YOUR GOAL
Please copy each line in the records below that contains the string "unfold".
─── DATA SUPPLIED
(* For y > 0, differentiation under the integral sign: integrating kappa_taylor_bound
   over [0, t] gives a remainder 72 t h^2 / y^2. *)
Lemma Phi_derive_pos y : 0 < y -> is_derive Phi y (-2 * t * Gam y).
Proof.
  intros Hy. assert (Hy2 : 0 < y ^ 2) by (apply pow2_gt_0; lra).
  apply (is_derive_of_remainder_bound Phi y _ (Rmin (y / 2) 1) (72 * t / y ^ 2));
    [apply Rmin_pos; lra | apply Rlt_le, Rdiv_lt_0_compat; lra |].
  intros h _ Hh.
  assert (Hhy : Rabs h < y / 2) by (pose proof (Rmin_l (y / 2) 1); lra).
  assert (Hh1 : Rabs h < 1) by (pose proof (Rmin_r (y / 2) 1); lra).
  assert (Hwin : - (y / 2) < h < y / 2) by (unfold Rabs in Hhy; destruct Rcase_abs; lra).
  set (Rem := fun v => kappa (y + h) v - kappa y v - h * (-2 * t * gamma y v)).
  assert (HRem : ex_RInt Rem 0 t).
  { apply ex_RInt_minusR; [apply ex_RInt_minusR; apply kappa_integrable|].
    apply ex_RInt_scalR, ex_RInt_scalR, gamma_integrable. }
  assert (HRem_eq : RInt Rem 0 t = Phi (y + h) - Phi y - h * (-2 * t * Gam y)).
  { unfold Rem, Phi, Gam.
    rewrite RInt_minusR, RInt_minusR, RInt_scalR, RInt_scalR;
      auto using kappa_integrable, gamma_integrable, ex_RInt_minusR, ex_RInt_scalR. }
  rewrite <- HRem_eq.
  eapply Rle_trans.
  { apply (abs_RInt_le_const _ 0 t (72 / y ^ 2 * h ^ 2) (Rlt_le _ _ t_pos) HRem).
    intros v Hv. apply kappa_taylor_bound; auto. }
  rewrite <- (pow2_abs h).
  replace ((t - 0) * (72 / y ^ 2 * Rabs h ^ 2)) with (72 * t / y ^ 2 * Rabs h * Rabs h)
    by (field; lra).
  apply Rmult_le_compat_l.
  - apply Rmult_le_pos; [apply Rlt_le, Rdiv_lt_0_compat; lra | apply Rabs_pos].
  - apply le_sqrt_of_le_1. split; [apply Rabs_pos | lra].
Qed.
──────
ANSWER SPACE
  assert (Hwin : - (y / 2) < h < y / 2) by (unfold Rabs in Hhy; destruct Rcase_abs; lra).
  { unfold Rem, Phi, Gam.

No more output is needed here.